In-line Q2 earning: Quarterly earnings, so far, have been in-line with market expectations.

On October 21, Hindustan Unilever, the FMCG major, has reported a profit of Rs 2,009 crore in the quarter ended September 2020, rising 8.7 percent compared to Rs 1,848 crore in the same period last year.

The company’s earnings before interest, tax, depreciation and amortisation (EBITDA) for the quarter at Rs 2,869 crore grew by 17 percent YoY and margin improved by 30 bps compared to September quarter 2019.

The CNBC-TV18 poll estimates for EBITDA and margin were at Rs 2,750 crore and 24.6 percent for the quarter.

Stimulus hopes: As per media reports, the government may be open to another stimulus package and have started a mid-year review of the economy.

Finance Minister said that the options for another stimulus package are still open. Recently, the government announced steps to stimulate consumer demand consisting of measures like Rs 10,000 festive advance for government employees, Rs 12,000 crore allocation for 50-year interest-free loans to states to boost the economy, a payment of cash in lieu of LTC among other things.

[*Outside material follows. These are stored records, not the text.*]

Lemma mxtrace_enum_mx_eq0 : \tr (enum_mx h) = 0.
Proof. by rewrite mxtrace_enum_mx sum_diag_eq0. Qed.

Lemma mxtrace_enum_mx_sqr : \tr (enum_mx h *m enum_mx h) = c *+ (2 * #|s|).
Proof. by rewrite enum_mxM mxtrace_enum_mx sum_sqr_diag. Qed.

End BipartiteKernel.

Section Conjugation.
Variables (R : comUnitRingType) (n : nat) (P : 'M[R]_n).
Hypothesis P_unit : P \in unitmx.

Lemma mulmx_conj (A B : 'M[R]_n) :
  (P *m A *m invmx P) *m (P *m B *m invmx P) = P *m (A *m B) *m invmx P.
Proof. by rewrite !mulmxA mulmxKV. Qed.

Lemma mxtrace_conj (A : 'M[R]_n) : \tr (P *m A *m invmx P) = \tr A.
Proof. by rewrite mxtrace_mulC mulmxA mulVmx ?mul1mx. Qed.

Lemma char_poly_conj (A : 'M[R]_n) : char_poly (P *m A *m invmx P) = char_poly A.
Proof.
rewrite /char_poly /char_poly_mx.
set Q := map_mx polyC P; set Qi := map_mx polyC (invmx P).
have QQi : Q *m Qi = 1%:M by rewrite -map_mxM mulmxV // map_mx1.
have -> : 'X%:M - map_mx polyC (P *m A *m invmx P) = Q *m ('X%:M - map_mx polyC A) *m Qi.
  rewrite !map_mxM mulmxBr mulmxBl -/Q -/Qi; congr (_ - _).
  by rewrite scalar_mxC -mulmxA QQi mulmx1.
by rewrite !det_mulmx mulrAC -det_mulmx QQi det1 mul1r.
Qed.

End Conjugation.

Section CubeRoots.
Variables (R : numFieldType) (l : R).
Hypothesis l_neq0 : l != 0.

Lemma cube_eq_cases (x : R) :
  x ^+ 3 = l ^+ 2 * x -> [|| x == 0, x == l | x == - l].
Proof.
move=> x3; have : x * (x - l) * (x + l) = 0 by rewrite -(subrr (x ^+ 3)) {2}x3; ring.
by move/eqP; rewrite !mulf_eq0 subr_eq0 addr_eq0 orbA.
Qed.

Lemma neq_cube_roots : [&& 0 != l, 0 != - l & l != - l].
Proof.
rewrite eq_sym l_neq0 eq_sym oppr_eq0 l_neq0 /= -subr_eq0 opprK -mulr2n.
by rewrite mulrn_eq0 negb_or l_neq0.
Qed.

Section RootFamily.
Variables (I : finType) (d : I -> R).
Hypothesis d_cube : forall i, d i ^+ 3 = l ^+ 2 * d i.

Let mult x := #|[pred i | d i == x]|.

Lemma cube_root_neg i : d i != 0 -> d i != l -> d i = - l.
Proof.
by move=> /negbTE d0 /negbTE dl; have := cube_eq_cases (d_cube i); rewrite d0 dl => /eqP.
Qed.

Lemma big_cube_roots (Q : Type) (idx : Q) (op : Monoid.com_law idx) (F : R -> Q) :
  \big[op/idx]_i F (d i) = op (\big[op/idx]_(i | d i == 0) F 0)
    (op (\big[op/idx]_(i | d i == l) F l) (\big[op/idx]_(i | d i == - l) F (- l))).
Proof.
case/and3P: neq_cube_roots => n0l n0Nl nlNl.
rewrite (bigID (fun i => d i == 0)) (bigID (fun i => d i == l) (fun i => d i != 0)) /=.
congr (op _ (op _ _)); first by apply: eq_bigr => i /eqP ->.
  apply: eq_big => [i|i /andP[_ /eqP ->]] //.
  by case: (d i =P 0) => [->|]; rewrite ?(negbTE n0l).
apply: eq_big => [i|i /andP[d0 dl]]; last by rewrite cube_root_neg.
apply/andP/eqP => [[]|->]; first exact: cube_root_neg.
by rewrite eq_sym n0Nl eq_sym nlNl.
Qed.

Lemma card_cube_roots : #|I| = (mult 0%R + (mult l + mult (- l)))%N.
Proof. by rewrite -sum1_card (big_cube_roots addn (fun=> 1%N)) !sum1_card. Qed.

Lemma sumr_cube_roots : \sum_i d i = l *+ mult l - l *+ mult (- l).
Proof. by rewrite (big_cube_roots _ id) /= !sumr_const mul0rn add0r mulNrn. Qed.

Lemma sumr_sqr_cube_roots : \sum_i d i ^+ 2 = l ^+ 2 *+ (mult l + mult (- l)).
Proof.
rewrite (big_cube_roots _ (fun x => x ^+ 2)) /= !sumr_const.
by rewrite expr0n mul0rn add0r sqrrN mulrnDr.
Qed.

Lemma prod_XsubC_cube_roots : \prod_i ('X - (d i)%:P)
  = 'X ^+ mult 0 * (('X - l%:P) ^+ mult l * ('X + l%:P) ^+ mult (- l)).
Proof.
by rewrite (big_cube_roots _ (fun x => 'X - x%:P)) /= !prodr_const subr0 polyCN opprK.
Qed.

Lemma mult_cube_roots k : \sum_i d i = 0 -> \sum_i d i ^+ 2 = l ^+ 2 *+ (2 * k) ->
  #|I| = (3 * k)%N -> [/\ mult 0 = k, mult l = k & mult (- l) = k].
Proof.
rewrite sumr_cube_roots sumr_sqr_cube_roots card_cube_roots => /eqP.
rewrite subr_eq0 => /eqP/(mulrIn l_neq0) eq_pm /(mulrIn (expf_neq0 2 l_neq0)).
by move=> ? ?; split; lia.
Qed.

End RootFamily.

Lemma diagonalizable_cube m (A : 'M[R]_m.+1) :
  A *m A *m A = l ^+ 2 *: A -> diagonalizable A.
Proof.
move=> A3; apply/diagonalizableP; exists [:: 0; l; - l].
  by case/and3P: neq_cube_roots => n0l n0Nl nlNl; rewrite /= !inE !negb_or n0l n0Nl nlNl.
have -> : \prod_(x <- [:: 0; l; - l]) ('X - x%:P) = 'X ^+ 3 - (l ^+ 2)%:P * 'X.
  by rewrite !big_cons big_nil polyCN polyC0 expr2 polyCM; ring.
apply: mxminpoly_min.
rewrite rmorphB [X in _ - X]rmorphM rmorphXn /= horner_mx_C horner_mx_X.
by rewrite -mulmxE mul_scalar_mx -A3 !exprS expr0 mulr1 -!mulmxE mulmxA subrr.
Qed.

Lemma char_poly_cube m k (A : 'M[R]_m) :
  A *m A *m A = l ^+ 2 *: A -> \tr A = 0 -> \tr (A *m A) = l ^+ 2 *+ (2 * k) ->
  m = (3 * k)%N ->
  char_poly A = 'X ^+ k * ('X - l%:P) ^+ k * ('X + l%:P) ^+ k.
Proof.
case: m A => [|m] A A3 trA trA2 mk.
  have -> : k = 0%N by lia.
  by rewrite /char_poly det_mx00 !expr0 !mul1r.
have [P Pu /diagonalizable_forPex [e /(simmxRL Pu) eA]] := diagonalizable_cube A3.
have e_cube i : e 0 i ^+ 3 = l ^+ 2 * e 0 i.
  have /matrixP/(_ i i) : diag_mx e *m diag_mx e *m diag_mx e = l ^+ 2 *: diag_mx e.
    by rewrite eA !mulmx_conj // A3 -scalemxAr -scalemxAl.
  by rewrite !mulmx_diag !mxE eqxx !mulr1n => <-; rewrite !exprS expr0 mulr1 mulrA.
have [||| m0 ml mNl] := mult_cube_roots e_cube (k := k).
- by move: trA; rewrite -(mxtrace_conj Pu) -eA mxtrace_diag.
- rewrite -trA2 -(mxtrace_conj Pu) -mulmx_conj // -eA mulmx_diag mxtrace_diag.
  by apply: eq_bigr => i _; rewrite mxE expr2.
- by rewrite card_ord.
rewrite -(char_poly_conj Pu) -eA char_poly_trig ?diag_mx_is_trig //.
under eq_bigr do rewrite mxE eqxx mulr1n.
by rewrite prod_XsubC_cube_roots // m0 ml mNl mulrA.
Qed.

End CubeRoots.

Lemma herm_entry_oriented (V : finType) (arc : rel V) u v :
  ~~ (arc u v && arc v u) -> herm_entry arc u v = 'i * ((arc u v)%:R - (arc v u)%:R).
Proof.
rewrite /herm_entry; case: (arc u v); case: (arc v u) => //= _.
- by rewrite subr0 mulr1.
- by rewrite sub0r mulrN mulr1.
- by rewrite subrr mulr0.
Qed.

Lemma val_ordS m (a : 'I_m) : ordS a = (if a.+1 == m then 0 else a.+1)%N :> nat.
Proof.
rewrite /=; case: eqP => [->|ne]; first by rewrite modnn.
by rewrite modn_small //; have := ltn_ord a; lia.
Qed.

Lemma ordS_neq m (a : 'I_m) : (1 < m)%N -> ordS a != a.
Proof.
by move=> m1; apply/eqP => /(congr1 (@nat_of_ord m)); rewrite val_ordS; case: eqP; lia.
Qed.

Lemma ordS2_neq m (a : 'I_m) : (2 < m)%N -> ordS (ordS a) != a.
Proof.
move=> m2; apply/eqP => /(congr1 (@nat_of_ord m)); rewrite !val_ordS.
by have := ltn_ord a; case: (a.+1 =P m) => ?; case: eqP => ?; lia.
Qed.

Fact ord_double_subproof n (k : 'I_n) : (2 * k < 2 * n)%N.
Proof. by rewrite ltn_pmul2l. Qed.

Definition ord_double n (k : 'I_n) : 'I_(2 * n) := Ordinal (ord_double_subproof k).

Lemma ord_double_inj n : injective (@ord_double n).
Proof. by move=> k k' /(congr1 val) /= /eqP; rewrite eqn_pmul2l // => /eqP /val_inj. Qed.

Lemma val_ord_double_ordS n (k : 'I_n) :
  val (ord_double (ordS k)) = ((2 * k + 2) %% (2 * n))%N.
Proof. by rewrite /= muln_modr mulnS addnC. Qed.

Lemma ordS2_double n (k : 'I_n) : ordS (ordS (ord_double k)) = ord_double (ordS k).
Proof.
apply: val_inj; rewrite val_ord_double_ordS /= (@modn_small (2 * k).+1); last first.
  by have := ltn_ord k; lia.
by rewrite addn2.
Qed.

Lemma odd_ordS n (a : 'I_(2 * n)) : odd (ordS a) = ~~ odd a.
Proof. by rewrite /= odd_mod // oddM. Qed.

Lemma even_ord_double n (a : 'I_(2 * n)) : ~~ odd a -> exists k, a = ord_double k.
Proof.
move=> even_a; have a2 : a = (2 * a./2)%N :> nat.
  by rewrite -[LHS]odd_double_half (negbTE even_a) -mul2n.
have lt_half : (a./2 < n)%N by have := ltn_ord a; lia.
by exists (Ordinal lt_half); apply: val_inj.
Qed.

Lemma necklace_arc_inl_inr n (a : 'I_(2 * n)) (k : 'I_n) :
  necklace_arc (inl a) (inr k) = (a == ord_double k) || (a == ord_double (ordS k)).
Proof.
rewrite /necklace_arc (modn_small (ord_double_subproof k)).
by rewrite -val_ord_double_ordS.
Qed.

Definition necklace_even n (x : necklace_vertex n) : bool :=
  if x is inl a then ~~ odd a else false.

Meanwhile, foreign direct investment (FDI) in India has increased by 16 percent year-on-year to $ 27.1 billion during April-August this year, the Commerce and Industry Ministry said on October 20. During April-August last year, India had received FDI worth $ 23.35 billion.

The ministry said that the total FDI, which includes reinvested earnings, grew by 13 percent to $ 35.73 billion. “It is the highest ever for the first 5 months of a financial year and 13 percent higher as compared to the first five months of 2019-20 ($ 31.60 billion),” it added.